There are basically two answers for the separation distance.. one i get is 0.32nm and other using above equation is 2.9nm

5. Dec 28, 2011

### ehild

So the molar volume is 22.2 cm^3, that is correct. The first question asks you to determine the interatomic distance assuming simple cubic structure. In that case the atoms sit on the vertexes of the unit cells. The unit cells are cubes and there are Na such cubes in the molar volume and the edge of such cub is the cubic root of its volume.
You need to use the other formula when answering the second question.

ehild

6. Dec 28, 2011

### ibysaiyan

Certainly , that is exactly what I have done . For party two using the formula given I get a value of about 8 times larger than part one, is that reasonable ?

7. Dec 28, 2011

### ehild

No, it is wrong.

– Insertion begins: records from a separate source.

(* Let $n\ge2$, let $I\subseteq[0,\infty)$ be an interval with non-empty interior, let $\tilde{\mathbf{P}}\colon I\to\mathbb{R}^n$ be a generalized $n$-system and let $\epsilon>0$. Then there exists an $n$-system $\mathbf{P}$ on $I$ such that $\|\tilde{\mathbf{P}}(q)-\mathbf{P}(q)\|_\infty\le\epsilon$ for every $q\in I$.
   Context: Let $I\subseteq[0,\infty)$ be an interval with non-empty interior. A map $\mathbf{P}\colon I\to\mathbb{R}^n$ is continuous piecewise linear if it is continuous, the set $D$ of points of $I$ where it is not differentiable (including the endpoints of $I$ that lie in $I$) is discrete in $I$, and its derivative is locally constant on $I\setminus D$. An $n$-system on $I$ is a continuous piecewise linear map $\mathbf{P}=(P_1,\dots,P_n)\colon I\to\mathbb{R}^n$ such that: (S1) for each $q\in I$, $0\le P_1(q)\le\cdots\le P_n(q)$ and $P_1(q)+\cdots+P_n(q)=q$; (S2) on each non-empty open subinterval $H$ of $I$ on which $\mathbf{P}$ is differentiable, there is $r\in\{1,\dots,n\}$ such that $P_r$ has slope $1$ on $H$ and all $P_j$ with $j\ne r$ are constant on $H$; (S3) if $q$ is an interior point of $I$ where $\mathbf{P}$ is not differentiable and the integers $r,s$ with $P_r'(q^-)=P_s'(q^+)=1$ satisfy $r<s$, then $P_r(q)=P_{r+1}(q)=\cdots=P_s(q)$. A generalized $n$-system on $I$ is a continuous piecewise linear map $\mathbf{P}=(P_1,\dots,P_n)\colon I\to\mathbb{R}^n$ such that: (G1) for each $q\in I$, $0\le P_1(q)\le\cdots\le P_n(q)$ and $P_1(q)+\cdots+P_n(q)=q$; (G2) on each non-empty open subinterval $H$ of $I$ on which $\mathbf{P}$ is differentiable, there are integers $1\le \underline{r}\le\overline{r}\le n$ such that $P_{\underline r},\dots,P_{\overline r}$ coincide on $H$ and have slope $1/(\overline r-\underline r+1)$, while every other $P_j$ is constant on $H$; (G3) if $q$ is an interior point of $I$ where $\mathbf{P}$ is not differentiable, and $\underline r,\overline r,\underline s,\overline s$ are the integers with $P_j'(q^-)=1/(\overline r-\underline r+1)$ for $\underline r\le j\le\overline r$ and $P_j'(q^+)=1/(\overline s-\underline s+1)$ for $\underline s\le j\le \overline s$ (as in (G2) on the adjacent intervals), and if $\underline r<\overline s$, then $P_{\underline r}(q)=P_{\underline r+1}(q)=\cdots=P_{\overline s}(q)$. *)

From Stdlib Require Import Reals Lra List.
Open Scope R_scope.

(* A map I -> R^n is represented by P : nat -> R -> R, where P j q is the
   j-th coordinate P_j(q); only indices 1 <= j <= n and arguments q in I
   are relevant. Subsets of R are predicates R -> Prop. *)

Definition is_interval (I : R -> Prop) : Prop :=
  forall x y z, I x -> I z -> x <= y <= z -> I y.

Definition interior_pt (I : R -> Prop) (q : R) : Prop :=
  exists d, d > 0 /\ forall x, Rabs (x - q) < d -> I x.

Definition admissible_interval (I : R -> Prop) : Prop :=
  is_interval I /\ (forall x, I x -> 0 <= x) /\ exists q, interior_pt I q.

Definition open_subinterval (I H : R -> Prop) : Prop :=
  is_interval H /\ (exists x, H x) /\ (forall x, H x -> interior_pt H x)
  /\ (forall x, H x -> I x).

Definition diff_at (n : nat) (P : nat -> R -> R) (q : R) : Prop :=
  forall j, (1 <= j <= n)%nat -> exists l, derivable_pt_lim (P j) q l.

Definition nondiff_set (n : nat) (I : R -> Prop) (P : nat -> R -> R) (q : R)
  : Prop := I q /\ (~ interior_pt I q \/ ~ diff_at n P q).

Definition continuous_on (n : nat) (I : R -> Prop) (P : nat -> R -> R) : Prop :=
  forall j q, (1 <= j <= n)%nat -> I q ->
    forall eps, eps > 0 -> exists d, d > 0 /\
      forall x, I x -> Rabs (x - q) < d -> Rabs (P j x - P j q) < eps.

Definition discrete_in (I D : R -> Prop) : Prop :=
  forall q, I q -> exists d, d > 0 /\ exists l : list R,
    forall x, I x -> D x -> Rabs (x - q) < d -> In x l.

Definition cont_pw_linear (n : nat) (I : R -> Prop) (P : nat -> R -> R) : Prop :=
  continuous_on n I P /\
  discrete_in I (nondiff_set n I P) /\
  (forall q, I q -> ~ nondiff_set n I P q ->
     exists d, d > 0 /\ forall q', I q' -> ~ nondiff_set n I P q' ->
       Rabs (q' - q) < d ->
       forall j l l', (1 <= j <= n)%nat ->
         derivable_pt_lim (P j) q l -> derivable_pt_lim (P j) q' l' -> l = l').

Definition slope_on (H : R -> Prop) (f : R -> R) (c : R) : Prop :=
  forall x y, H x -> H y -> f y - f x = c * (y - x).

Definition const_on (H : R -> Prop) (f : R -> R) : Prop :=
  forall x y, H x -> H y -> f x = f y.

Show your calculation in detail.

ehild

8. Dec 28, 2011

### ibysaiyan

Sure.

$V_{m}$ = 22.2 $cm^{3}$ which I have converted into m^3 .. (22.2/100)^3 = 10.92*10^-3 m^3

Formula given is:
$V_{m}$ = Na * r0^3 / √2

9. Dec 29, 2011

### ehild

That is totally wrong.... 1 cm =0.01 m, 1 cm^3=10-6 m3, so 22.2 cm3=22.2x10-6 m.

The correct procedure for the transformation would be

22.2 cm3= 22.2( cm*m/(100 cm))3

ehild

10. Dec 31, 2011

### ibysaiyan

What was I thinking, the above conversion which I was doing doesn't make any sense.. had I took cube root of that then it would have given me a value in meters.